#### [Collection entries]
-- Opening Marker --

Lemma white_nbr_two_white w y : w \notin B -> e w y -> 1 < #|nbhd e y :\: B|.
Proof.
move=> wB ewy; rewrite ltnNge; apply: contra (stuck w) => one_white.
have nbrs_blue : nbhd e w \subset B.
  by apply/subsetP => u; rewrite inE => /(white_nbr_in_cover wB) /(subsetP CB).
rewrite /can_recolor wB (setIidPl nbrs_blue) deg /=.
by apply/existsP; exists y; rewrite inE ewy.
Qed.

Definition near_white : {set T} :=
  [set z | (z \notin B) || [exists y, e z y && (y \notin B)]].

Lemma near_white_closed y z : e y z -> y \in near_white -> z \in near_white.
Proof.
rewrite !inE => eyz /orP [yB | /existsP [w /andP [eyw wB]]].
  by apply/orP; right; apply/existsP; exists y; rewrite sym eyz.
have [zB | //] := boolP (z \in B); rewrite /=.
have [w' w'B [eyw' ww']] : exists2 w', w' \notin B & e y w' /\ w != w'.
  have /card_gt1P [x1 [x2 []]] := white_nbr_two_white wB (etrans (sym w y) eyw).
  rewrite !inE => /andP [x1B eyx1] /andP [x2B eyx2] x12.
  have [wx1 | wx1] := eqVneq w x1; last by exists x1.
  by exists x2; rewrite // wx1.
have neq_z u : u \notin B -> u != z by apply: contraNneq => ->.
case/or3P: (clawF eyw eyw' eyz ww' (neq_z _ wB) (neq_z _ w'B)) => [eww' | ewz | ew'z].
- by rewrite (subsetP CB _ (white_nbr_in_cover wB eww')) in w'B.
- by apply/existsP; exists w; rewrite sym ewz.
- by apply/existsP; exists w'; rewrite sym ew'z.
Qed.

Lemma stuck_setT v : v \notin C -> v \in B -> B = setT.
Proof.
move=> vC vB; apply/setP => w; rewrite inE; apply/contraT => wB.
have : v \in near_white.
  by apply: connect_preserve near_white_closed _ _ (conn w v) _; rewrite inE wB.
rewrite inE vB /= => /existsP [y /andP [evy yB]].
have /orP [vC' | yC] := vertex_cover_edge cover evy; first by rewrite vC' in vC.
by rewrite (subsetP CB _ yC) in yB.
Qed.

End Stuck.

Lemma setU1_cover_spreading C v :
  vertex_cover e C -> v \notin C -> spreading_set e p 1 (v |: C).
Proof.
move=> cover vC.
suff grow n B : #|~: B| < n -> C \subset B -> v \in B -> spreading_set e p 1 B.
  by apply: (grow _ _ (ltnSn _)); [exact: subsetUr | exact: setU11].
elim: n B => // n IH B white_n CB vB.
have [w recolor_w | stuck] := pickP (can_recolor e p 1 B).
  have [wB _ _] := and3P recolor_w.
  apply: (spreading_recolor recolor_w); apply: IH.
  - by move: white_n (cardsC B) (cardsC (w |: B)); rewrite cardsU1 wB; lia.
  - exact: subset_trans CB (subsetUr _ _).
  - by rewrite inE vB orbT.
rewrite (stuck_setT cover CB (fun w => negbT (stuck w)) vC vB).
exact: spreading_setT.
Qed.

End CoverPlusVertex.

Theorem sigma_le_beta_addn1 (T : finType) (e : rel T) :
  symmetric e -> connected_graph e -> claw_free e -> cubic e ->
  sigma e 3 1 <= beta e + 1.
Proof.
move=> sym conn clawF cub; have [C cover ->] := beta_cover e.
have deg x : 3 <= #|nbhd e x| by rewrite cub.
have [v vC | all_in_C] := pickP (fun v => v \notin C).
  apply: leq_trans (sigma_le (setU1_cover_spreading sym conn clawF deg cover vC)) _.
  by rewrite cardsU1 vC addnC.
have -> : C = setT by apply/setP => x; move/negbFE: (all_in_C x); rewrite inE.
exact: leq_trans (sigma_le (spreading_setT e 3 1)) (leq_addr _ _).
Qed.

Section TightCover.
Variables (T : finType) (e : rel T).

Lemma card_nbhdI x (A : {set T}) : #|nbhd e x :&: A| = \sum_(y in A) e x y.
Proof.
rewrite -sum1_card big_mkcond [RHS]big_mkcond; apply: eq_bigr => y _.
by rewrite !inE andbC; case: (y \in A); case: (e x y).
Qed.

Lemma sum_card_nbhdI (A B : {set T}) : symmetric e ->
  \sum_(x in A) #|nbhd e x :&: B| = \sum_(y in B) #|nbhd e y :&: A|.
Proof.
move=> sym; under eq_bigr do rewrite card_nbhdI.
under [RHS]eq_bigr do rewrite card_nbhdI.
by rewrite exchange_big; apply: eq_bigr => y _; apply: eq_bigr => x _; rewrite sym.
Qed.

Lemma claw_free_nbhd_independent (I : {set T}) x :
  claw_free e -> (forall y z, y \in I -> z \in I -> ~~ e y z) ->
  #|nbhd e x :&: I| <= 2.
Proof.
move=> clawF indep; rewrite leqNgt; apply/card_gt2P => [[a [b [c [[]]]]]].
rewrite !inE => /andP [exa aI] /andP [exb bI] /andP [exc cI] [ab bc ca].
have ac : a != c by rewrite eq_sym.
have := clawF _ _ _ _ exa exb exc ab ac bc.
by rewrite !(negbTE (indep _ _ _ _)).
Qed.

Lemma cover_complement_independent (C : {set T}) :
  vertex_cover e C -> forall y z, y \in ~: C -> z \in ~: C -> ~~ e y z.
Proof.
move=> cover y z; rewrite !inE => yC zC; apply/negP => /(vertex_cover_edge cover).
by rewrite (negbTE yC) (negbTE zC).
Qed.

Lemma tight_cover_stuck (C : {set T}) p :
  symmetric e -> claw_free e -> cubic e ->
  vertex_cover e C -> 2 * #|C| <= 3 * #|~: C| ->
  forall w, ~~ can_recolor e p 1 C w.
Proof.
move=> sym clawF cub cover tight.
have white_nbrs u : u \in C -> #|nbhd e u :&: ~: C| = 2.
  have le2 x : #|nbhd e x :&: ~: C| <= 2.
    exact: claw_free_nbhd_independent clawF (cover_complement_independent cover).
  have full w : w \in ~: C -> #|nbhd e w :&: C| = 3.
    move=> wC; rewrite (setIidPl _) ?cub //; apply/subsetP => y; rewrite inE.
    by move/(vertex_cover_edge cover); rewrite inE in wC; rewrite (negbTE wC).
  have [le_sum] :=
    leqif_sum (P := [in C]) (E2 := fun=> 2) (fun x _ => leqif_eq (le2 x)).
  rewrite -(sum_card_nbhdI _ _ sym) (eq_bigr _ full) !sum_nat_const in le_sum *.
  rewrite eqn_leq le_sum mulnC [#|~: C| * 3]mulnC tight => /esym /forallP all2 uC.
  exact/eqP/(implyP (all2 u)).
move=> w; apply/and3P => [[_ _ /existsP [u /andP [/setIP [_ uC]]]]].
by rewrite setDE white_nbrs.
Qed.

End TightCover.

Lemma all_iota_ord n (P : nat -> bool) : all P (iota 0 n) -> forall i : 'I_n, P i.
Proof. by move=> /allP allP i; apply: allP; rewrite mem_iota /= ltn_ord. Qed.

Arguments all_iota_ord {n} P.

Lemma card_ord_count n (P : nat -> bool) : #|[set i : 'I_n | P i]| = count P (iota 0 n).
Proof.
by rewrite cardsE cardE /enum_mem size_filter -enumT -val_enum_ord count_map.
Qed.

Lemma consecutive_connected n (e : rel 'I_n.+1) :
  connect_sym e -> (forall i j : 'I_n.+1, val j = i.+1 -> e i j) -> connected_graph e.
Proof.
move=> csym step.
suff from0 x : connect e ord0 x.
  by move=> x y; apply: connect_trans (from0 y); rewrite csym.
case: x => k; elim: k => [|k IH] lt_k.
  by rewrite (_ : Ordinal lt_k = ord0) //; apply: val_inj.
by apply: connect_trans (IH (ltnW lt_k)) (connect1 (step _ _ _)).
Qed.

(* The vertices are numbered along a Hamiltonian cycle. *)
Definition example_edges : seq (nat * nat) :=
  [:: (0, 1); (1, 2); (2, 3); (3, 4); (4, 5); (5, 6); (6, 7); (7, 8); (8, 9); (9, 0);
      (0, 2); (1, 3); (4, 6); (5, 8); (7, 9)].

Definition example_adj (i j : nat) : bool :=
  ((i, j) \in example_edges) || ((j, i) \in example_edges).

Definition example_graph : rel 'I_10 := fun x y => example_adj x y.

Definition example_independent : seq nat := [:: 0; 3; 5; 7].

Definition example_cover : {set 'I_10} :=
  [set x : 'I_10 | (x : nat) \notin example_independent].

Lemma example_symmetric : symmetric example_graph.
Proof. by move=> x y; rewrite /example_graph /example_adj orbC. Qed.

Lemma example_simple : simple_graph example_graph.
Proof.
have loopless : all (fun i => ~~ example_adj i i) (iota 0 10) by vm_compute.
by split=> [|x]; [exact: example_symmetric | exact/negbTE/(all_iota_ord _ loopless x)].
Qed.

Lemma example_cubic : cubic example_graph.
Proof.
have deg3 : all (fun i => count (example_adj i) (iota 0 10) == 3) (iota 0 10).
  by vm_compute.
move=> x; rewrite /nbhd /example_graph card_ord_count.
exact/eqP/(all_iota_ord _ deg3 x).
Qed.

Lemma example_claw_free : claw_free example_graph.
Proof.
have claws : all (fun x => all (fun a => all (fun b => all (fun c =>
    [==> example_adj x a, example_adj x b, example_adj x c, a != b, a != c, b != c
     => [|| example_adj a b, example_adj a c | example_adj b c]]
  ) (iota 0 10)) (iota 0 10)) (iota 0 10)) (iota 0 10) by vm_compute.
move=> x a b c xa xb xc ab ac bc.
have /all_iota_ord/(_ a)/all_iota_ord/(_ b)/all_iota_ord/(_ c) :=
  all_iota_ord _ claws x.
move=> /implyP/(_ xa)/implyP/(_ xb)/implyP/(_ xc).
by move=> /implyP/(_ ab)/implyP/(_ ac)/implyP/(_ bc).
Qed.

Lemma example_connected : connected_graph example_graph.
Proof.
have cycle : all (fun k => (k.+1 < 10) ==> example_adj k k.+1) (iota 0 10).
  by vm_compute.
apply: consecutive_connected (sym_connect_sym example_symmetric) _ => i j ji.
by have := all_iota_ord _ cycle i; rewrite /example_graph ji -ji ltn_ord.
Qed.

Lemma example_cover_card : #|example_cover| = 6.
Proof.
by rewrite /example_cover (@card_ord_count 10 (fun i => i \notin example_independent)).
Qed.

Lemma example_vertex_cover : vertex_cover example_graph example_cover.
Proof.
have covered : all (fun i => all (fun j =>
    example_adj i j ==> (i \notin example_independent) || (j \notin example_independent)
  ) (iota 0 10)) (iota 0 10) by vm_compute.
apply/vertex_coverP => x y; rewrite !in_set.
exact/implyP/(all_iota_ord _ (all_iota_ord _ covered x)).
Qed.

Lemma example_sigma_ge : 7 <= sigma example_graph 3 1.
Proof.
have [S spreadS ->] := sigma_spreading example_graph 3 1.
rewrite ltnNge; apply/negP => small.
have deg x : #|nbhd example_graph x| <= 3 by rewrite example_cubic.
have cover := spreading_vertex_cover example_symmetric deg spreadS.
have tight : 2 * #|S| <= 3 * #|~: S| by move: small (cardsC S); rewrite card_ord; lia.
have stuck :=
  tight_cover_stuck 3 example_symmetric example_claw_free example_cubic cover tight.
by move: small; rewrite (spreading_stuck stuck spreadS) cardsT card_ord.
Qed.

Lemma example_sigma_eq : sigma example_graph 3 1 = beta example_graph + 1.
Proof.
have := sigma_le_beta_addn1
  example_symmetric example_connected example_claw_free example_cubic.
have := beta_le example_vertex_cover; rewrite example_cover_card.
by have := example_sigma_ge; lia.
Qed.

Theorem proposition3p12 :
  (forall (T : finType) (e : rel T),
      simple_graph e -> connected_graph e -> claw_free e -> cubic e ->
      sigma e 3 1 <= beta e + 1)
  /\
  (exists (T : finType) (e : rel T),
      [/\ simple_graph e, connected_graph e, claw_free e, cubic e
        & sigma e 3 1 = beta e + 1]).
Proof.
split=> [T e [sym _] | ]; first exact: sigma_le_beta_addn1.
exists 'I_10, example_graph; split.
- exact: example_simple.
- exact: example_connected.
- exact: example_claw_free.
- exact: example_cubic.
- exact: example_sigma_eq.
Qed.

-- Closing Marker --

#### [Work instructions]
Above are the records; copy exactly the lines from the line with "case/or3P: (clawF eyw" through the line with "End CoverPlusVertex.", both included.

#### [Solution to the problem]
case/or3P: (clawF eyw eyw' eyz ww' (neq_z _ wB) (neq_z _ w'B)) => [eww' | ewz | ew'z].
- by rewrite (subsetP CB _ (white_nbr_in_cover wB eww')) in w'B.
- by apply/existsP; exists w; rewrite sym ewz.
- by apply/existsP; exists w'; rewrite sym ew'z.
Qed.

Lemma stuck_setT v : v \notin C -> v \in B -> B = setT.
Proof.
move=> vC vB; apply/setP => w; rewrite inE; apply/contraT => wB.
have : v \in near_white.
  by apply: connect_preserve near_white_closed _ _ (conn w v) _; rewrite inE wB.
rewrite inE vB /= => /existsP [y /andP [evy yB]].
have /orP [vC' | yC] := vertex_cover_edge cover evy; first by rewrite vC' in vC.
by rewrite (subsetP CB _ yC) in yB.
Qed.

End Stuck.

Lemma setU1_cover_spreading C v :
  vertex_cover e C -> v \notin C -> spreading_set e p 1 (v |: C).
Proof.
move=> cover vC.
suff grow n B : #|~: B| < n -> C \subset B -> v \in B -> spreading_set e p 1 B.
  by apply: (grow _ _ (ltnSn _)); [exact: subsetUr | exact: setU11].
elim: n B => // n IH B white_n CB vB.
have [w recolor_w | stuck] := pickP (can_recolor e p 1 B).
  have [wB _ _] := and3P recolor_w.
  apply: (spreading_recolor recolor_w); apply: IH.
  - by move: white_n (cardsC B) (cardsC (w |: B)); rewrite cardsU1 wB; lia.
  - exact: subset_trans CB (subsetUr _ _).
  - by rewrite inE vB orbT.
rewrite (stuck_setT cover CB (fun w => negbT (stuck w)) vC vB).
exact: spreading_setT.
Qed.

End CoverPlusVertex.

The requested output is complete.